* DATA SHOWN *
(* For any integer $k\ge1$, no online algorithm achieves a competitive ratio better than $2\ln2$ for the online ATWC dispersion problem without boundary condition for arbitrary $k$-dimensional polytopes; i.e., there is no online algorithm that is $\sigma$-competitive with $\sigma<2\ln2$ for every $k$-dimensional polytope $P$.
   Context: Distances are Euclidean. For a polytope $P$ and $n\ge2$, $SP(n;P)=\max_{X_1,\dots,X_n\in P}\min_{i\ne j}dis(X_i,X_j)$. An instance is $S=((s_1,d_1),\dots,(s_n,d_n))$ with $s_i<d_i$, $0=s_1\le\dots\le s_n$; point $i$ is present at time $t$ iff $s_i\le t\le d_i$; $T=\max_id_i$. For $X\in P^n$, $d^{SP}_{min}(t;X)=\min dis(X_i,X_j)$ over present points $i\ne j$ at time $t$, and $OPT^{SP}_A(S;P)=\max_X\min_{t\le T}d^{SP}_{min}(t;X)$. In the online problem, upon arrival of each point the algorithm irrevocably chooses its location in $P$ without knowing future events or the number of points; an adaptive adversary chooses the events. An online algorithm is $\sigma$-competitive for $P$ if $OPT^{SP}_A(S;P)\le\sigma\min_{t\le T}d^{SP}_{min}(t;X)$ for every instance $S$ and its output $X$. *)

From HB Require Import structures.
From mathcomp Require Import all_boot all_order all_algebra.
From mathcomp Require Import all_classical all_reals all_analysis.
Set Implicit Arguments. Unset Strict Implicit. Unset Printing Implicit Defensive.
Import Order.TTheory GRing.Theory Num.Theory.
Local Open Scope classical_set_scope.
Local Open Scope ring_scope.
(* Let S be the (finite) union of the supports of mu and nu.  If
   mu(A) <= nu(A^e) + e for every A, this is, on S, the Hall condition with
   deficiency e for the bipartite graph {(x, y) | c x y < e} weighted by mu and
   nu.  A fractional Hall theorem -- push mass along an edge until one of its
   ends is exhausted or some set A becomes tight, then split the problem into
   (A, N(A)) and its complement -- gives a sub-coupling of mass at least 1 - e
   carried by that graph; rescaled to mass exactly 1 - e it shows
   W_{oo,1-e} <= e, hence RPW <= LP.  Conversely, a partial plan g of mass
   1 - e that moves mass by less than e' gives
   mu(A) <= g(A x X) + e <= nu(A^e') + e, and symmetrically for nu, so every e
   admissible for RPW makes every e' > e admissible for LP. *)

From mathcomp Require Import all_boot all_order all_algebra.
From mathcomp Require Import all_classical all_reals.
From mathcomp Require Import finmap lra.
Set Implicit Arguments. Unset Strict Implicit. Unset Printing Implicit Defensive.
Import Order.TTheory GRing.Theory Num.Theory.
Local Open Scope ring_scope.

Section FinitelySupported.
Variables (R : realDomainType) (I : finType).
Implicit Types (f g : I -> R) (A B : {set I}).

Definition supp f : {set I} := [set i | f i != 0].

Definition restr A f i := if i \in A then f i else 0.

Definition pmass (i0 : I) (s : R) i := if i == i0 then s else 0.

Lemma pmass_id i0 s : pmass i0 s i0 = s.
Proof. by rewrite /pmass eqxx. Qed.

Lemma pmass_neq i0 s i : i != i0 -> pmass i0 s i = 0.
Proof. by rewrite /pmass => /negbTE ->. Qed.

Lemma sum_pmass (A : {pred I}) i0 s :
  \sum_(i in A) pmass i0 s i = if i0 \in A then s else 0.
Proof.
case: ifPn => [Ai0|Ni0].
  by rewrite (bigD1 i0) //= pmass_id big1 ?addr0 // => i /andP[_ /pmass_neq].
by rewrite big1 // => i Ai; apply: pmass_neq; apply: contraNneq Ni0 => <-.
Qed.

Lemma sum_restr B A f : \sum_(i in B) restr A f i = \sum_(i in B :&: A) f i.
Proof.
rewrite big_mkcond [RHS]big_mkcond; apply: eq_bigr => i _.
by rewrite finset.in_setI /restr; case: (i \in B); case: (i \in A).
Qed.

Lemma ler_sum_subset A B f : A \subset B -> (forall i, 0 <= f i) ->
  \sum_(i in A) f i <= \sum_(i in B) f i.
Proof.
move=> AB f_ge0; rewrite [leRHS](big_setID A) /= (finset.setIidPr AB) lerDl.
exact: sumr_ge0.
Qed.

Lemma sum_setUD A B f :
  \sum_(i in A :|: B) f i = \sum_(i in B) f i + \sum_(i in A :\: B) f i.
Proof.
rewrite (big_setID B) /= (finset.setIidPr (finset.subsetUr _ _)).
by rewrite finset.setDUl finset.setDv finset.setU0.
Qed.

Lemma restr_ge0 A f : (forall i, 0 <= f i) -> forall i, 0 <= restr A f i.
Proof. by move=> f_ge0 i; rewrite /restr; case: ifP. Qed.

Lemma restr_add_setC A f i : restr A f i + restr (~: A) f i = f i.
Proof. by rewrite /restr inE; case: (i \in A); rewrite ?addr0 ?add0r. Qed.

Lemma supp_restr A f : supp (restr A f) \subset supp f.
Proof.
by apply/fintype.subsetP => i; rewrite !inE /restr; case: ifP; rewrite ?eqxx.
Qed.

Lemma supp_neq f g i : f i != 0 -> g i = 0 -> supp g != supp f.
Proof.
by move=> fi gi; apply/eqP => /setP/(_ i); rewrite !inE gi fi eqxx.
Qed.

Lemma push_ge0 f i0 s : (forall i, 0 <= f i) -> s <= f i0 ->
  forall i, 0 <= (f \- pmass i0 s) i.
Proof.
move=> f_ge0 s_le i /=; have [-> | i_neq] := eqVneq i i0.
  by rewrite pmass_id subr_ge0.
by rewrite pmass_neq // subr0.
Qed.

Lemma supp_push f i0 s : f i0 != 0 -> supp (f \- pmass i0 s) \subset supp f.
Proof.
move=> fi0; apply/fintype.subsetP => i; rewrite !inE /=; apply: contraNneq => fi.
by rewrite pmass_neq ?fi ?subr0 //; apply: contraNneq fi0 => <-; rewrite fi.
Qed.

End FinitelySupported.

Lemma card_supp2_lt (R : realDomainType) (I J : finType) (f f' : I -> R)
    (g g' : J -> R) :
  supp f' \subset supp f -> supp g' \subset supp g ->
  (supp f' != supp f) || (supp g' != supp g) ->
  (#|supp f'| + #|supp g'| < #|supp f| + #|supp g|)%N.
Proof.
move=> sf sg /orP[nf | ng].
  by rewrite -addSn leq_add ?subset_leq_card // proper_card // finset.properEneq nf.
by rewrite -addnS leq_add ?subset_leq_card // proper_card // finset.properEneq ng.
Qed.

Section FractionalHall.
Variables (R : realDomainType) (X Y : finType) (E : X -> Y -> bool).
Implicit Types (mu : X -> R) (nu : Y -> R) (A B : {set X}).

Definition nbhd A : {set Y} := [set y | [exists x in A, E x y]].

Definition slack mu nu A := \sum_(y in nbhd A) nu y - \sum_(x in A) mu x.

Definition hall_cond mu nu := forall A, 0 <= slack mu nu A.

Definition saturating_flow mu nu (g : X -> Y -> R) :=
  [/\ forall x y, 0 <= g x y, forall x y, ~~ E x y -> g x y = 0,
      forall x, \sum_y g x y = mu x & forall y, \sum_x g x y <= nu y].

Definition feasible mu nu := exists g, saturating_flow mu nu g.

Lemma nbhdP A x y : x \in A -> E x y -> y \in nbhd A.
Proof. by move=> Ax Exy; rewrite inE; apply/existsP; exists x; rewrite Ax. Qed.

Lemma nbhd0 : nbhd finset.set0 = finset.set0.
Proof. by apply/setP => y; rewrite !inE; apply/existsP => -[x]; rewrite inE. Qed.

Lemma nbhdS A B : A \subset B -> nbhd A \subset nbhd B.
Proof.
move=> /fintype.subsetP AB; apply/fintype.subsetP => y /[!inE] /existsP[x /andP[Ax Exy]].
by apply/existsP; exists x; rewrite AB.
Qed.

Lemma feasible0 mu nu : (forall x, mu x = 0) -> (forall y, 0 <= nu y) ->
  feasible mu nu.
Proof.
move=> mu0 nu_ge0; exists (fun _ _ => 0); split=> //.
- by move=> x; rewrite big1 // mu0.
- by move=> y; rewrite big1.
Qed.
(* spectral_diag A is an arbitrary diagonalisation: only the multiset of its
   entries, the roots of char_poly A, is determined by A. *)
Lemma sum_spectral_diag n (A Q' Q : 'M[C]_n) (e : 'rV[C]_n) (f : C -> C) :
  A \is normalmx -> Q' *m Q = 1%:M -> A = Q' *m diag_mx e *m Q ->
  \sum_i f (spectral_diag A 0 i) = \sum_i f (e 0 i).
Proof.
move=> /orthomx_spectralP hA QQ' hAe.
have hP : invmx (spectralmx A) *m spectralmx A = 1%:M by rewrite mulVmx ?spectral_unit.
have := char_poly_conj_diag (spectral_diag A) hP.
rewrite -hA {1}hAe char_poly_conj_diag // => eq_char.
rewrite -(big_map (fun i => spectral_diag A 0 i) xpredT f).
rewrite -(big_map (fun i => e 0 i) xpredT f).
by apply/esym/perm_big/prod_XsubC_eq; rewrite !big_map eq_char.
Qed.

Lemma unitary_diag_normal n (P : 'M[C]_n) (y : 'rV[C]_n) :
  P \is unitarymx -> P^t* *m diag_mx y *m P \is normalmx.
Proof.
by move=> hP; apply/orthomx_spectral_subproof; exists (P, y); rewrite //= invmx_unitary.
Qed.

Lemma normal_unitary_diag n (A : 'M[C]_n) : A \is normalmx ->
  exists P (y : 'rV[C]_n), P \is unitarymx /\ A = P^t* *m diag_mx y *m P.
Proof.
move=> /orthomx_spectralP hA; exists (spectralmx A), (spectral_diag A).
by rewrite spectral_unitarymx -invmx_unitary ?spectral_unitarymx.
Qed.

Lemma trnorm_unitary_diag n (P : 'M[C]_n) (y : 'rV[C]_n) : P \is unitarymx ->
  trnorm (P^t* *m diag_mx y *m P) = \sum_i `|y 0 i|.
Proof.
move=> hP; have PPt : P *m P^t* = 1%:M by apply/unitarymxP.
have PtP : P^t* *m P = 1%:M by apply: mulmx1C.
pose z := \row_i (y 0 i * (y 0 i)^*).
have AtA : adjmx (P^t* *m diag_mx y *m P) *m (P^t* *m diag_mx y *m P) =
    P^t* *m diag_mx z *m P.
  rewrite adjmxE !adjmxM trmxCK adj_diag_mx -!mulmxA; congr (_ *m _).
  rewrite !mulmxA -[_ *m P *m P^t*]mulmxA PPt mulmx1 mulmx_diag.
  by congr (diag_mx _ *m _); apply/rowP => i; rewrite !mxE mulrC.
rewrite /trnorm AtA (sum_spectral_diag _ (unitary_diag_normal _ hP) PtP erefl).
by apply: eq_bigr => i _; rewrite mxE normC_def.
Qed.

Lemma unitarymx1 n : (1%:M : 'M[C]_n) \is unitarymx.
Proof. by apply/unitarymxP; rewrite trmx1 map_mx1 mulmx1. Qed.

Lemma trnorm_diag n (y : 'rV[C]_n) : trnorm (diag_mx y) = \sum_i `|y 0 i|.
Proof.
by rewrite -(trnorm_unitary_diag y (unitarymx1 n)) trmx1 map_mx1 mul1mx mulmx1.
Qed.

Lemma trnorm_mx11 (A : 'M[C]_1) : trnorm A = `|A 0 0|.
Proof.
rewrite {1}(_ : A = diag_mx A) ?trnorm_diag ?big_ord1 //.
by apply/matrixP => i j; rewrite (ord1 i) (ord1 j) mxE mulr1n.
Qed.

Lemma trnormZ n c (A : 'M[C]_n) : A \is normalmx -> trnorm (c *: A) = `|c| * trnorm A.
Proof.
move=> /normal_unitary_diag[P [y [hP ->]]].
rewrite scalemxAl scalemxAr -linearZ /= !trnorm_unitary_diag // mulr_sumr.
by apply: eq_bigr => i _; rewrite mxE normrM.
Qed.

Lemma trnorm_tr n (A : 'M[C]_n) : A \is normalmx -> trnorm A^T = trnorm A.
Proof.
move=> /normal_unitary_diag[P [y [hP ->]]].
have hP' : map_mx Num.conj P \is unitarymx by rewrite conjC_unitary.
rewrite [RHS]trnorm_unitary_diag // -(trnorm_unitary_diag y hP').
congr trnorm; rewrite !trmx_mul tr_diag_mx mulmxA; congr (_ *m _ *m _).
  by apply/matrixP => i j; rewrite !mxE conjCK.
by apply/matrixP => i j; rewrite !mxE.
Qed.
(* Let $d\ge 3$ and let $\mathcal M$ be a model of $\mathrm{PQM}_d$ with domain $\mathbb M$. Then there exists a function $\kappa:\mathbb M\to\mathbb H_d$ such that for all $m\in\mathbb M$ and all $p\in\mathbb H_d$, $$p\in F^{\mathcal M}(m)\iff \kappa(m)\le p,$$ equivalently $[m:p]^{\mathcal M}\iff[\kappa(m):p]^{\mathcal H_d}$. (That is, each $F^{\mathcal M}(m)$ has a least element $\kappa(m)$ and is the principal up-set it generates.)
   Context: Notation. For $d\ge 1$, $\mathbb H_d$ is the set of complex linear subspaces of $\mathbb C^d$, ordered by inclusion $\le$, with $\top=\mathbb C^d$, $\bot=\{0\}$, $p^\bot$ the orthogonal complement, $p\wedge q=p\cap q$ and $p\vee q=p+q$. $\mathbb U_d$ is the set of unitary operators on $\mathbb C^d$, and for $U\in\mathbb U_d$, $p\in\mathbb H_d$, $U(p)=\{Uv: v\in p\}$. The Sasaki projection is $p\,\&\,q := q\cap(q^\bot+p)$. Subspaces $p,q$ are compatible iff $p=(p\wedge q)\vee(p\wedge q^\bot)$. Language $\mathcal L_d$: a first-order language without equality and without constants, having a unary function symbol $u_U$ for each $U\in\mathbb U_d$, a unary function symbol $\pi_q$ for each $q\in\mathbb H_d$, and a unary relation symbol $[\,\cdot:p]$ for each $p\in\mathbb H_d$. Theory $\mathrm{PQM}_d$ (over $\mathcal L_d$) has the following axioms, for all $p,q\in\mathbb H_d$ and $U\in\mathbb U_d$: ($\neg\bot$) $\exists x\,\neg[x:\bot]$; ($\top$) $\forall x\,[x:\top]$; ($\le$) if $p\le q$: $\forall x\,([x:p]\to[x:q])$; ($\wedge$) if $p,q$ are compatible: $\forall x\,([x:p]\wedge[x:q]\to[x:p\wedge q])$; ($\pi_i$) $\forall x\,([x:p]\to[\pi_q(x):p\,\&\,q])$; ($\pi_c$) if $p\le q$: $\forall x\,([\pi_p(\pi_q(x)):\bot]\to[\pi_p(x):\bot])$; ($\pi_\bot$) $\forall x\,([\pi_q(x):\bot]\to[x:q^\bot])$; ($u_i$) $\forall x\,([x:p]\to[u_U(x):U(p)])$; ($u_e$) $\forall x\,([u_U(x):p]\to[x:U^{-1}(p)])$. Hilbert model $\mathcal H_d$: the $\mathcal L_d$-structure with domain $\mathbb H_d$, $u_U^{\mathcal H_d}(x)=U(x)$, $\pi_q^{\mathcal H_d}(x)=x\,\&\,q$, and $[x:p]^{\mathcal H_d}$ holds iff $x\le p$. Filter: for an $\mathcal L_d$-structure $\mathcal M$ with domain $\mathbb M$ and $m\in\mathbb M$, $F^{\mathcal M}(m)=\{p\in\mathbb H_d : [m:p]^{\mathcal M}\}$, where $[\,\cdot:p]^{\mathcal M}$ is the interpretation of the relation symbol $[\,\cdot:p]$ in $\mathcal M$. *)

From HB Require Import structures.
From mathcomp Require Import all_boot all_order all_algebra.
From mathcomp Require Import complex.
From mathcomp Require Import Rstruct.
Set Implicit Arguments. Unset Strict Implicit. Unset Printing Implicit Defensive.
Import Order.TTheory GRing.Theory Num.Theory.
Local Open Scope ring_scope.

Definition CC : numClosedFieldType := (Rdefinitions.R)[i].

(* Vectors of C^d are row vectors 'rV[CC]_d; a subspace is represented by the
   unique canonical matrix <<A>> generating it (mxalgebra's genmx), so that
   subspaces are a type with Leibniz equality. *)
Definition subsp (d : nat) := {A : 'M[CC]_d | <<A>>%MS == A}.

Lemma genmx_canon (d : nat) (A : 'M[CC]_d) : <<(<<A>>%MS)>>%MS == <<A>>%MS.
Proof. by rewrite genmx_id. Qed.

Definition mkS (d : nat) (A : 'M[CC]_d) : subsp d :=
  exist _ <<A>>%MS (genmx_canon A).

Definition smx (d : nat) (p : subsp d) : 'M[CC]_d := proj1_sig p.

Definition sle (d : nat) (p q : subsp d) : Prop := (smx p <= smx q)%MS.
Definition stop (d : nat) : subsp d := mkS (1%:M : 'M[CC]_d).
Definition sbot (d : nat) : subsp d := mkS (0 : 'M[CC]_d).
Definition smeet (d : nat) (p q : subsp d) : subsp d := mkS (smx p :&: smx q)%MS.
Definition sjoin (d : nat) (p q : subsp d) : subsp d := mkS (smx p + smx q)%MS.

Definition adj (d : nat) (A : 'M[CC]_d) : 'M[CC]_d := (map_mx Num.conj A)^T.

(* Orthogonal complement w.r.t. <u,v> = sum_i u_i * conj(v_i):
   the row vectors u with u *m adj A = 0 (left kernel of adj A). *)
Definition sperp (d : nat) (p : subsp d) : subsp d := mkS (kermx (adj (smx p))).

Definition sasaki (d : nat) (p q : subsp d) : subsp d :=
  smeet q (sjoin (sperp q) p).

Definition compatible (d : nat) (p q : subsp d) : Prop :=
  p = sjoin (smeet p q) (smeet p (sperp q)).

(* Unitary operators on C^d (as matrices acting on column vectors). *)
Definition unitary (d : nat) : Type :=
  {U : 'M[CC]_d | U *m adj U == 1%:M}.

Definition umx (d : nat) (U : unitary d) : 'M[CC]_d := proj1_sig U.

(* U(p) = {U v : v in p}; with row vectors v^T, (U v)^T = v^T *m U^T. *)
Definition uimg (d : nat) (U : unitary d) (p : subsp d) : subsp d :=
  mkS (smx p *m (umx U)^T).
Definition uinvimg (d : nat) (U : unitary d) (p : subsp d) : subsp d :=
  mkS (smx p *m (invmx (umx U))^T).

(* L_d-structures: domain, interpretations of u_U, pi_q and [ . : p ]. *)
Record Lstruct (d : nat) := {
  dom : Type;
  u_ : unitary d -> dom -> dom;
  pi_ : subsp d -> dom -> dom;
  rel_ : dom -> subsp d -> Prop
}.
Arguments dom {d} l.
Arguments u_ {d} l _ _.
Arguments pi_ {d} l _ _.
Arguments rel_ {d} l _ _.

Definition PQM_model (d : nat) (M : Lstruct d) : Prop :=
  (exists x : dom M, ~ rel_ M x (sbot d)) /\
  (forall x : dom M, rel_ M x (stop d)) /\
  (forall p q : subsp d, sle p q -> forall x, rel_ M x p -> rel_ M x q) /\
  (forall p q : subsp d, compatible p q ->
      forall x, rel_ M x p -> rel_ M x q -> rel_ M x (smeet p q)) /\
  (forall p q : subsp d, forall x, rel_ M x p -> rel_ M (pi_ M q x) (sasaki p q)) /\
  (forall p q : subsp d, sle p q ->
      forall x, rel_ M (pi_ M p (pi_ M q x)) (sbot d) -> rel_ M (pi_ M p x) (sbot d)) /\
  (forall q : subsp d, forall x, rel_ M (pi_ M q x) (sbot d) -> rel_ M x (sperp q)) /\
  (forall (U : unitary d) (p : subsp d) x, rel_ M x p -> rel_ M (u_ M U x) (uimg U p)) /\
  (forall (U : unitary d) (p : subsp d) x, rel_ M (u_ M U x) p -> rel_ M x (uinvimg U p)).

Definition filt (d : nat) (M : Lstruct d) (m : dom M) : subsp d -> Prop :=
  fun p => rel_ M m p.

From mathcomp Require Import all_boot all_order all_algebra.
From mathcomp Require Import complex Rstruct.
From mathcomp Require Import ring lra zify.
From Stdlib Require Import Classical ClassicalEpsilon.
Set Implicit Arguments. Unset Strict Implicit. Unset Printing Implicit Defensive.
Import Order.TTheory GRing.Theory Num.Theory.
Local Open Scope ring_scope.

(* A filter F(m) contains [top] and is upward closed, so it is principal as
   soon as it is closed under meets; by a modular-lattice induction it suffices
   to treat meets p /\ q of codimension one in p.  Applying pi along
   (p /\ q)^perp turns p and q into a line and a subspace that meets it
   trivially, and the Sasaki projection of one on the other is again at most a
   line; so everything reduces to showing that no element can lie in two
   distinct lines, for then pi_bot gives m in (p /\ q)^perp^perp = p /\ q.
   For unit vectors a, b with real inner product c in (0, 1), an element in
   <a> and <b> is, by pi along N^perp, also in every line <N> for which the
   rejections of a and b from N are orthogonal.  Using a third orthonormal
   direction (here d >= 3 is needed) one finds, if 3c <= 1, two orthogonal
   such lines, which gives bottom; otherwise two such unit vectors with inner
   product (3c - 1)/(1 + c), and finitely many such steps reach 3c <= 1. *)

Section RankFacts.
Variable F : fieldType.

Lemma exists_nonzero_row m n (A : 'M[F]_(m, n)) : A != 0 -> exists i, row i A != 0.
Proof.
move=> nzA; have : ~~ (A <= (0 : 'M_n))%MS by rewrite submx0.
by case/row_subPn => i; rewrite submx0; exists i.
Qed.

Lemma mxrank1_eqmx_rV m n (A : 'M[F]_(m, n)) : \rank A = 1%N ->
  exists2 u : 'rV_n, u != 0 & (A :=: u)%MS.
Proof.
move=> rA; have [|i nzi] := exists_nonzero_row (A := A); first by rewrite -mxrank_eq0 rA.
exists (row i A) => //; apply/eqmxP; rewrite row_sub andbT.
by rewrite -(mxrank_leqif_sup (row_sub i A)) rank_rV nzi rA.
Qed.

Lemma mxrank_adds_row m n (A : 'M[F]_(m, n)) (r : 'rV_n) :
  ~~ (r <= A)%MS -> \rank (A + r)%MS = (\rank A).+1.
Proof.
move=> nrA; apply/eqP; rewrite eqn_leq; apply/andP; split.
  by rewrite (leq_trans (mxrank_adds_leqif A r).1) // -[(\rank A).+1]addn1 leq_add2l rank_leq_row.
have : (A < A + r)%MS.
  rewrite ltmxE addsmxSl; apply: contra nrA; exact: submx_trans (addsmxSr _ _).
by rewrite ltmxErank => /andP[].
Qed.

End RankFacts.

Section Hermitian.
Variable C : numClosedFieldType.

Definition adjmx m n (A : 'M[C]_(m, n)) : 'M[C]_(n, m) := (map_mx Num.conj A)^T.

Lemma adjmxM m n p (A : 'M[C]_(m, n)) (B : 'M[C]_(n, p)) :
  adjmx (A *m B) = adjmx B *m adjmx A.
Proof. by rewrite /adjmx map_mxM trmx_mul. Qed.

Lemma adjmxK m n (A : 'M[C]_(m, n)) : adjmx (adjmx A) = A.
Proof. by apply/matrixP=> i j; rewrite !mxE conjCK. Qed.

Lemma adjmx_eq0 m n (A : 'M[C]_(m, n)) : (adjmx A == 0) = (A == 0).
Proof.
suff adj0 k l : adjmx (0 : 'M[C]_(k, l)) = 0.
  by apply/eqP/eqP => [h|->]; rewrite ?adj0 // -[A]adjmxK h adj0.
by apply/matrixP=> i j; rewrite !mxE conjC0.
Qed.

Lemma mxrank_adjmx m n (A : 'M[C]_(m, n)) : \rank (adjmx A) = \rank A.
Proof. by rewrite mxrank_tr mxrank_map. Qed.

Lemma mulmx_adjmx_eq0 m n (A : 'M[C]_(m, n)) : (A *m adjmx A == 0) = (A == 0).
Proof.
apply/eqP/eqP => [AA0|->]; last by rewrite mul0mx.
apply/matrixP => i j; have /eqP := congr1 (fun B : 'M[C]_m => B i i) AA0.
rewrite !mxE psumr_eq0 => [/allP/(_ j (mem_index_enum _))|k _].
  by rewrite !mxE -normCK expf_eq0 /= normr_eq0 => /eqP.
by rewrite !mxE -normCK exprn_ge0.
Qed.

Lemma adjmx_orthoC m1 m2 n (A : 'M[C]_(m1, n)) (B : 'M[C]_(m2, n)) :
  (A *m adjmx B == 0) = (B *m adjmx A == 0).
Proof. by rewrite -adjmx_eq0 adjmxM adjmxK. Qed.

Definition perpmx m n (A : 'M[C]_(m, n)) : 'M[C]_n := kermx (adjmx A).

Lemma sub_perpmx m1 m2 n (A : 'M[C]_(m1, n)) (B : 'M[C]_(m2, n)) :
  (B <= perpmx A)%MS = (B *m adjmx A == 0).
Proof. exact: sub_kermx. Qed.

Lemma sub_perpmxC m1 m2 n (A : 'M[C]_(m1, n)) (B : 'M[C]_(m2, n)) :
  (B <= perpmx A)%MS = (A <= perpmx B)%MS.
Proof. by rewrite !sub_perpmx adjmx_orthoC. Qed.

Lemma mxrank_perpmx m n (A : 'M[C]_(m, n)) : \rank (perpmx A) = (n - \rank A)%N.
Proof. by rewrite mxrank_ker mxrank_adjmx. Qed.

Lemma perpmx_sub0 m1 m2 n (A : 'M[C]_(m1, n)) (B : 'M[C]_(m2, n)) :
  (B <= A)%MS -> (B <= perpmx A)%MS -> B = 0.
Proof.
move=> /submxP[D ->]; rewrite sub_perpmx => /eqP BA0.
by apply/eqP; rewrite -mulmx_adjmx_eq0 adjmxM mulmxA BA0 mul0mx.
Qed.

Lemma perpmxS m1 m2 n (A : 'M[C]_(m1, n)) (B : 'M[C]_(m2, n)) :
  (A <= B)%MS -> (perpmx B <= perpmx A)%MS.
Proof. by move=> sAB; rewrite sub_perpmxC (submx_trans sAB) // -sub_perpmxC. Qed.

Lemma eqmx_perpmx m1 m2 n (A : 'M[C]_(m1, n)) (B : 'M[C]_(m2, n)) :
  (A :=: B)%MS -> (perpmx A :=: perpmx B)%MS.
Proof. by move=> eqAB; apply/eqmxP; rewrite !perpmxS ?eqAB. Qed.

Lemma capmx_perpmx m n (A : 'M[C]_(m, n)) : (A :&: perpmx A = 0)%MS.
Proof. exact: perpmx_sub0 (capmxSl _ _) (capmxSr _ _). Qed.

Lemma perpmxK m n (A : 'M[C]_(m, n)) : (perpmx (perpmx A) :=: A)%MS.
Proof.
have sA : (A <= perpmx (perpmx A))%MS by rewrite -sub_perpmxC.
apply/eqmxP; rewrite -{1}sub_perpmxC submx_refl andbT.
by rewrite -(mxrank_leqif_sup sA) !mxrank_perpmx subKn ?rank_leq_col.
Qed.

* THE TASK *
Retype the portion of the data above that starts on the line with "Lemma restr_ge0 A" and finishes on the line with "(supp f' != supp", including both of those lines.

* TASK RESPONSE *
Lemma restr_ge0 A f : (forall i, 0 <= f i) -> forall i, 0 <= restr A f i.
Proof. by move=> f_ge0 i; rewrite /restr; case: ifP. Qed.

Lemma restr_add_setC A f i : restr A f i + restr (~: A) f i = f i.
Proof. by rewrite /restr inE; case: (i \in A); rewrite ?addr0 ?add0r. Qed.

Lemma supp_restr A f : supp (restr A f) \subset supp f.
Proof.
by apply/fintype.subsetP => i; rewrite !inE /restr; case: ifP; rewrite ?eqxx.
Qed.

Lemma supp_neq f g i : f i != 0 -> g i = 0 -> supp g != supp f.
Proof.
by move=> fi gi; apply/eqP => /setP/(_ i); rewrite !inE gi fi eqxx.
Qed.

Lemma push_ge0 f i0 s : (forall i, 0 <= f i) -> s <= f i0 ->
  forall i, 0 <= (f \- pmass i0 s) i.
Proof.
move=> f_ge0 s_le i /=; have [-> | i_neq] := eqVneq i i0.
  by rewrite pmass_id subr_ge0.
by rewrite pmass_neq // subr0.
Qed.

Lemma supp_push f i0 s : f i0 != 0 -> supp (f \- pmass i0 s) \subset supp f.
Proof.
move=> fi0; apply/fintype.subsetP => i; rewrite !inE /=; apply: contraNneq => fi.
by rewrite pmass_neq ?fi ?subr0 //; apply: contraNneq fi0 => <-; rewrite fi.
Qed.

End FinitelySupported.

Lemma card_supp2_lt (R : realDomainType) (I J : finType) (f f' : I -> R)
    (g g' : J -> R) :
  supp f' \subset supp f -> supp g' \subset supp g ->
  (supp f' != supp f) || (supp g' != supp g) ->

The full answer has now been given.